- [What is expected]:
Of the entries below, restate word for word only the section that runs from the line with "End ColumnMinors." to the line with "Variables (n : nat) (j0 j1 : 'I_n).", counting both ends.

[Items from a dataset]
(* X_{S <= r}: the row span of the (full-rank) p x n matrix A lies in X_{S<=r}
   iff the columns indexed by S have rank <= r. *)
Definition inX (F : fieldType) (p n : nat) (S : {set 'I_n}) (r : int)
  (A : 'M[F]_(p, n)) : Prop := ((\rank (colS A S))%:Z <= r)%R.

Definition pluck (F : fieldType) (p n : nat) (A : 'M[F]_(p, n)) (a : {set 'I_n}) : F :=
  \det (\matrix_(i < p, j < p) nth 0 [seq A i c | c <- enum a] j).

(* phi_rel A B : the point of Gr(n-k,n) spanned by B equals phi of the point of
   Gr(k,n) spanned by A, i.e. the ([n]\a)-Plücker coordinate of B equals the
   a-Plücker coordinate of A, up to a common nonzero scalar (projective coords). *)
Definition phi_rel (F : fieldType) (k n : nat) (A : 'M[F]_(k, n))
  (B : 'M[F]_(n - k, n)) : Prop :=
  exists2 c : F, c != 0 &
    forall a : {set 'I_n}, #|a| = k -> pluck B (~: a) = c * pluck A a.

(* Let the rows of [B] span the orthogonal complement of the row space of [A].
   As [A *m B^T = 0], the product of [col_mx A C] with [(col_mx D B)^T] is
   block triangular, and Jacobi's complementary-minor identity follows: the
   Plücker coordinate of [B] at [~: a] is that of [A] at [a] times a constant
   times the determinant of the shuffle matrix of [(a, ~: a)].  Moving an
   element of [a] down by one changes the sign of that determinant and of
   [(-1) ^+ (sum of a)], so rescaling column [i] of [B] by [(-1) ^+ i] yields
   phi of the row space of [A].  Column rescaling preserves the ranks of
   column submatrices, and [rank B_T + #|~: T| = (n - k) + rank A_(~: T)]
   exchanges [rank A_S <= r] and [rank B_(~: S) <= n - k - m + r]. *)

From HB Require Import structures.
From mathcomp Require Import all_boot all_order all_algebra.
From mathcomp Require Import perm zify ring.
Set Implicit Arguments. Unset Strict Implicit. Unset Printing Implicit Defensive.
Import GRing.Theory.
Local Open Scope ring_scope.

(* Row [j] of [selmx p a] is the unit vector at the [j]-th element of [a],
   in increasing order: [A *m (selmx p a)^T] lists the columns of [A] in [a]. *)
Definition selmx (F : fieldType) p n (a : {set 'I_n}) : 'M[F]_(p, n) :=
  \matrix_(j < p, i < n) ((i \in a) && (index i (enum a) == j))%:R.
Arguments selmx {F} p {n} a.

Section SelectionMatrices.

Variable F : fieldType.

Lemma sum_index_nth (T : eqType) (s : seq T) (f : T -> F) (j : nat) :
  uniq s -> \sum_(c <- s) f c * (index c s == j)%:R = nth 0 (map f s) j.
Proof.
elim: s j => [|x s IH] j /=; first by rewrite big_nil nth_nil.
case/andP=> xs us; rewrite big_cons eqxx.
have xNc c : c \in s -> (x == c) = false.
  by move=> cs; apply: contraNF xs => /eqP ->.
case: j => [|j] /=.
  by rewrite mulr1 big1_seq ?addr0 // => c /= cs; rewrite xNc ?mulr0.
by rewrite mulr0 add0r -IH //; apply: eq_big_seq => c cs; rewrite xNc.
Qed.

Lemma mul_selmx_tr p' p n (A : 'M[F]_(p', n)) (a : {set 'I_n}) :
  A *m (selmx p a)^T = \matrix_(i < p', j < p) nth 0 [seq A i c | c <- enum a] j.
Proof.
apply/matrixP=> i j; rewrite !mxE -(sum_index_nth (A i) j (enum_uniq (mem a))).
rewrite big_enum /= [RHS]big_mkcond /=; apply: eq_bigr => c _; rewrite !mxE.
by case: (c \in a); rewrite ?mulr0.
Qed.

Lemma pluckE p n (A : 'M[F]_(p, n)) a : pluck A a = \det (A *m (selmx p a)^T).
Proof. by rewrite mul_selmx_tr. Qed.

Lemma colSE p n (A : 'M[F]_(p, n)) T : colS A T = A *m (selmx #|T| T)^T.
Proof.
rewrite mul_selmx_tr; apply/matrixP=> i j; rewrite !mxE.
rewrite (nth_map (enum_val j)) -?cardE //; congr (A i _).
by apply: set_nth_default; rewrite -cardE.
Qed.

Lemma nth_map_enum n (a : {set 'I_n}) (f : 'I_n -> F) (j : nat) : (j < #|a|)%N ->
  exists x, [/\ x \in a, index x (enum a) = j & nth 0 [seq f c | c <- enum a] j = f x].
Proof.
rewrite cardE; case e: (enum a) => [|x0 s] //; rewrite -e => jl.
exists (nth x0 (enum a) j); split; first by rewrite -mem_enum mem_nth.
  by rewrite index_uniq // enum_uniq.
by rewrite (nth_map x0).
Qed.

Lemma nth_map_enum_default n (a : {set 'I_n}) (f : 'I_n -> F) (j : nat) :
  (#|a| <= j)%N -> nth 0 [seq f c | c <- enum a] j = 0.
Proof. by move=> h; rewrite nth_default // size_map -cardE. Qed.

Lemma selmx_mul_tr1 p n (a : {set 'I_n}) :
  #|a| = p -> selmx p a *m (selmx p a)^T = 1%:M :> 'M[F]_p.
Proof.
move=> ha; apply/matrixP=> j j'; rewrite mul_selmx_tr !mxE.
have j'a : (j' < #|a|)%N by rewrite ha.
have [x [xa ix ->]] := nth_map_enum ((selmx p a : 'M[F]_(p, n)) j) j'a.
by rewrite !mxE xa ix /= eq_sym.
Qed.

Lemma selmx_mul_tr0 p q n (a b : {set 'I_n}) :
  a :&: b = set0 -> selmx p a *m (selmx q b)^T = 0 :> 'M[F]_(p, q).
Proof.
move=> ab0; apply/matrixP=> j j'; rewrite mul_selmx_tr !mxE.
have [jb|] := ltnP j' #|b|; last exact: nth_map_enum_default.
have [x [xb _ ->]] := nth_map_enum ((selmx p a : 'M[F]_(p, n)) j) jb.
by rewrite !mxE; case xa: (x \in a) => //=; move: (in_set0 x); rewrite -ab0 inE xa xb.
Qed.

Lemma selmx_tr_mulE p n (a : {set 'I_n}) i i' : #|a| = p ->
  ((selmx p a)^T *m selmx p a) i i' = ((i \in a) && (i == i'))%:R :> F.
Proof.
move=> ha; rewrite !mxE.
case ia: (i \in a) => /=; last by rewrite big1 // => j _; rewrite !mxE ia mul0r.
have il : (index i (enum a) < p)%N by rewrite -ha cardE index_mem mem_enum.
rewrite (bigD1 (Ordinal il)) //= big1 ?addr0 => [|j ji]; last first.
  rewrite !mxE ia /=; case: eqP => [e|]; last by rewrite mul0r.
  by case/eqP: ji; apply: val_inj; rewrite /= e.
rewrite !mxE ia eqxx mul1r; case ia': (i' \in a) => /=.
  by rewrite (inj_in_eq (index_inj i (s := enum a))) ?mem_enum // eq_sym.
by case: eqP => // e; rewrite -e ia in ia'.
Qed.

Lemma selmx_tr_mul_addC n (a : {set 'I_n}) :
  (selmx #|a| a)^T *m selmx #|a| a + (selmx #|~: a| (~: a))^T *m selmx #|~: a| (~: a)
  = 1%:M :> 'M[F]_n.
Proof.
apply/matrixP=> i i'; rewrite mxE !selmx_tr_mulE // inE !mxE.
by case: (i \in a); rewrite /= ?addr0 ?add0r.
Qed.

Lemma row_free_selmx p n (a : {set 'I_n}) : #|a| = p -> row_free (selmx p a : 'M[F]_(p, n)).
Proof.
move=> ha; rewrite /row_free eqn_leq rank_leq_row /=.
by rewrite -{1}(mxrank1 F p) -(selmx_mul_tr1 ha) mxrankM_maxl.
Qed.

Lemma row_sub_selmx_mul p n m (a : {set 'I_n}) (N : 'M[F]_(n, m)) x :
  #|a| = p -> x \in a -> (row x N <= selmx p a *m N)%MS.
Proof.
move=> ha xa; have xl : (index x (enum a) < p)%N by rewrite -ha cardE index_mem mem_enum.
suff -> : row x N = row (Ordinal xl) (selmx p a *m N) by exact: row_sub.
rewrite row_mul [LHS]rowE; congr (_ *m _); apply/matrixP=> z c; rewrite !mxE (ord1 z) eqxx /=.
case ca: (c \in a) => /=.
  by rewrite (inj_in_eq (index_inj x (s := enum a))) ?mem_enum // eq_sym.
by case: eqP => // cx; rewrite cx xa in ca.
Qed.

End SelectionMatrices.

Section ColumnMinors.

Variable F : fieldType.

Lemma row_free_pluck_neq0 p n (M : 'M[F]_(p, n)) :
  row_free M -> exists2 a : {set 'I_n}, #|a| = p & pluck M a != 0.
Proof.
move=> fM; have rM : \rank M^T = p by rewrite mxrank_tr (eqP fM).
pose f := maxrankfun M^T; pose a := [set f j | j : 'I_(\rank M^T)].
have ha : #|a| = p by rewrite card_imset ?card_ord //; apply: maxrankfun_inj.
exists a => //; set X := selmx p a *m M^T.
have sub : (rowsub f M^T <= X)%MS.
  by apply/row_subP => j; rewrite row_rowsub row_sub_selmx_mul // imset_f.
have fX : row_free X.
  by rewrite /row_free eqn_leq rank_leq_row -{1}rM -(eqP (maxrowsub_free M^T)) mxrankS.
by rewrite pluckE -det_tr trmx_mul trmxK -unitfE -unitmxE -row_free_unit.
Qed.

Lemma row_free_diag_mx k (d : 'I_k -> F) :
  (forall i, d i != 0) -> row_free (diag_mx (\row_i d i)).
Proof.
move=> d_neq0; rewrite row_free_unit unitmxE det_diag unitfE.
by apply/prodf_neq0 => i _; rewrite mxE.
Qed.

Lemma pluck_mul_diag p n (M : 'M[F]_(p, n)) (d : 'I_n -> F) (a : {set 'I_n}) :
  #|a| = p ->
  pluck (M *m diag_mx (\row_i d i)) a = pluck M a * \prod_(i in a) d i.
Proof.
move=> ha; pose d' := \row_(j < p) nth 0 [seq d c | c <- enum a] j.
have diag_selmx : diag_mx (\row_i d i) *m (selmx p a)^T = (selmx p a)^T *m diag_mx d'.
  apply/matrixP=> i j; rewrite mul_diag_mx mul_mx_diag !mxE.
  case ia: (i \in a); rewrite /= ?mulr0 ?mul0r //.
  case: eqP => [<-|_]; rewrite ?mulr0 ?mul0r // mulr1 mul1r.
  by rewrite (nth_map i) ?nth_index ?index_mem ?mem_enum.
rewrite !pluckE -mulmxA diag_selmx mulmxA det_mulmx det_diag; congr (_ * _).
have -> : \prod_(i in a) d i = \prod_(x <- [seq d c | c <- enum a]) x.
  by rewrite big_map big_enum.
rewrite (big_nth 0) size_map -cardE ha big_mkord.
by apply: eq_bigr => j _; rewrite mxE.
Qed.

Lemma rank_colS_mul_diag p n (M : 'M[F]_(p, n)) (d : 'I_n -> F) T :
  (forall i, d i != 0) -> \rank (colS (M *m diag_mx (\row_i d i)) T) = \rank (colS M T).
Proof.
move=> d_neq0.
have -> : colS (M *m diag_mx (\row_i d i)) T = colS M T *m diag_mx (\row_j d (enum_val j)).
  by rewrite !mul_mx_diag; apply/matrixP => i j; rewrite !mxE.
by rewrite mxrankMfree // row_free_diag_mx.
Qed.

(* Both [K1 *m B] and [K2 *m U] below span the vectors of [kermx A^T] that
   vanish on [T]; comparing their dimensions gives the formula. *)
Lemma rank_colS_ker p q n (A : 'M[F]_(p, n)) (B : 'M[F]_(q, n)) T :
  row_free B -> (B == kermx A^T)%MS ->
  (\rank (colS B T) + #|~: T| = q + \rank (colS A (~: T)))%N.
Proof.
move=> fB /andP[B_ker ker_B]; have BA : B *m A^T = 0 by apply/sub_kermxP.
rewrite !colSE; set E := selmx #|T| T; set U := selmx #|~: T| (~: T).
have UE : U *m E^T = 0 by rewrite selmx_mul_tr0 // setIC setICr.
have supp V : V *m E^T = 0 -> V = (V *m U^T) *m U.
  move=> VE; rewrite -mulmxA -{1}[V]mulmx1 -(selmx_tr_mul_addC _ T) -/E -/U.
  by rewrite mulmxDr !mulmxA VE mul0mx add0r.
set K1 := kermx (B *m E^T); set K2 := kermx (U *m A^T).
have eqK : (K1 *m B == K2 *m U)%MS.
  apply/andP; split.
    have K1BE : K1 *m B *m E^T = 0 by rewrite -mulmxA mulmx_ker.
    rewrite (supp _ _ K1BE); apply: submxMr; apply/sub_kermxP.
    by rewrite mulmxA -(supp _ _ K1BE) -!mulmxA BA !mulmx0.
  have /submxP[X eX] : (K2 *m U <= B)%MS.
    by apply: submx_trans ker_B; apply/sub_kermxP; rewrite -mulmxA mulmx_ker.
  rewrite eX; apply: submxMr; apply/sub_kermxP.
  by rewrite mulmxA -eX -mulmxA UE mulmx0.
have fU : row_free U by exact: row_free_selmx.
have := eqmx_rank eqK; rewrite (mxrankMfree K1 fB) (mxrankMfree K2 fU) !mxrank_ker.
have -> : U *m A^T = (A *m U^T)^T by rewrite trmx_mul trmxK.
rewrite mxrank_tr; have := rank_leq_row (B *m E^T); have := rank_leq_col (A *m U^T).
lia.
Qed.

End ColumnMinors.

Definition weight n (a : {set 'I_n}) : nat := \sum_(i in a) (i : nat).

Lemma sorted_enum_set n (a : {set 'I_n}) : sorted (fun x y : 'I_n => (x < y)%N) (enum a).
Proof.
rewrite /enum_mem -enumT /=; apply: sorted_filter; first by move=> x y z; apply: ltn_trans.
by have := iota_ltn_sorted 0 n; rewrite -val_enum_ord sorted_map.
Qed.

Lemma weight_add_setC n (a : {set 'I_n}) : (weight a + weight (~: a))%N = weight [set: 'I_n].
Proof. by rewrite /weight [RHS](big_setID a) setTI setTD. Qed.

Section AdjacentTranspositions.

Variables (n : nat) (j0 j1 : 'I_n).
Hypothesis j01 : val j1 = (val j0).+1.
Local Notation t := (tperm j0 j1).

Lemma mem_tperm_imset (a : {set 'I_n}) x : (x \in t @: a) = (t x \in a).
Proof.
apply/imsetP/idP => [[y ya ->]|ta]; first by rewrite tpermK.
by exists (t x); rewrite ?tpermK.
Qed.

Lemma setC_tperm_imset (a : {set 'I_n}) : ~: (t @: a) = t @: ~: a.
Proof. by apply/setP => x; rewrite inE !mem_tperm_imset inE. Qed.

Lemma tperm_adjacent_ltn (x y : 'I_n) :
  (x < y)%N -> ~~ ((x == j0) && (y == j1)) -> (t x < t y)%N.
Proof.
have tE z : val (t z) =
    if val z == val j0 then val j1 else if val z == val j1 then val j0 else val z.
  rewrite !val_eqE; case: tpermP => [->|->|/eqP/negbTE-> /eqP/negbTE->]; rewrite ?eqxx //.
  by rewrite ifN // -val_eqE j01 neq_ltn ltnSn orbT.
move: j01; rewrite -!val_eqE !tE /=; do ![case: eqP]; lia.
Qed.

Lemma enum_tperm_imset (a : {set 'I_n}) : ~~ ((j0 \in a) && (j1 \in a)) ->
  enum (t @: a) = map t (enum a).
Proof.
move=> j01a; apply: (@irr_sorted_eq _ (fun x y : 'I_n => (x < y)%N)).
- by move=> x y z; apply: ltn_trans.
- by move=> x /=; rewrite ltnn.
- exact: sorted_enum_set.
- apply: (homo_sorted_in (P := mem a)); last exact: sorted_enum_set.
    move=> x y xa ya xy; apply: tperm_adjacent_ltn => //.
    by apply: contra j01a => /andP[/eqP<- /eqP<-]; rewrite xa ya.
  by apply/allP => x; rewrite mem_enum.
- move=> x; rewrite mem_enum mem_tperm_imset -[in RHS](tpermK j0 j1 x).
  by rewrite mem_map ?mem_enum //; apply: perm_inj.
Qed.

Lemma weight_tperm_imset (a : {set 'I_n}) : j0 \notin a -> j1 \in a ->
  (weight (t @: a)).+1 = weight a.
Proof.
move=> j0a j1a; rewrite /weight big_imset /=; last by move=> x y _ _; apply: perm_inj.
rewrite (bigD1 j1) // [RHS](bigD1 j1) //= tpermR j01 addSn; congr (_ + _).+1.
apply: eq_bigr => i /andP[ia ij1]; rewrite tpermD // eq_sym //.
by apply: contraNneq j0a => <-.
Qed.

End AdjacentTranspositions.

- [Reply]:
End ColumnMinors.

Definition weight n (a : {set 'I_n}) : nat := \sum_(i in a) (i : nat).

Lemma sorted_enum_set n (a : {set 'I_n}) : sorted (fun x y : 'I_n => (x < y)%N) (enum a).
Proof.
rewrite /enum_mem -enumT /=; apply: sorted_filter; first by move=> x y z; apply: ltn_trans.
by have := iota_ltn_sorted 0 n; rewrite -val_enum_ord sorted_map.
Qed.

Lemma weight_add_setC n (a : {set 'I_n}) : (weight a + weight (~: a))%N = weight [set: 'I_n].
Proof. by rewrite /weight [RHS](big_setID a) setTI setTD. Qed.

Section AdjacentTranspositions.

Variables (n : nat) (j0 j1 : 'I_n).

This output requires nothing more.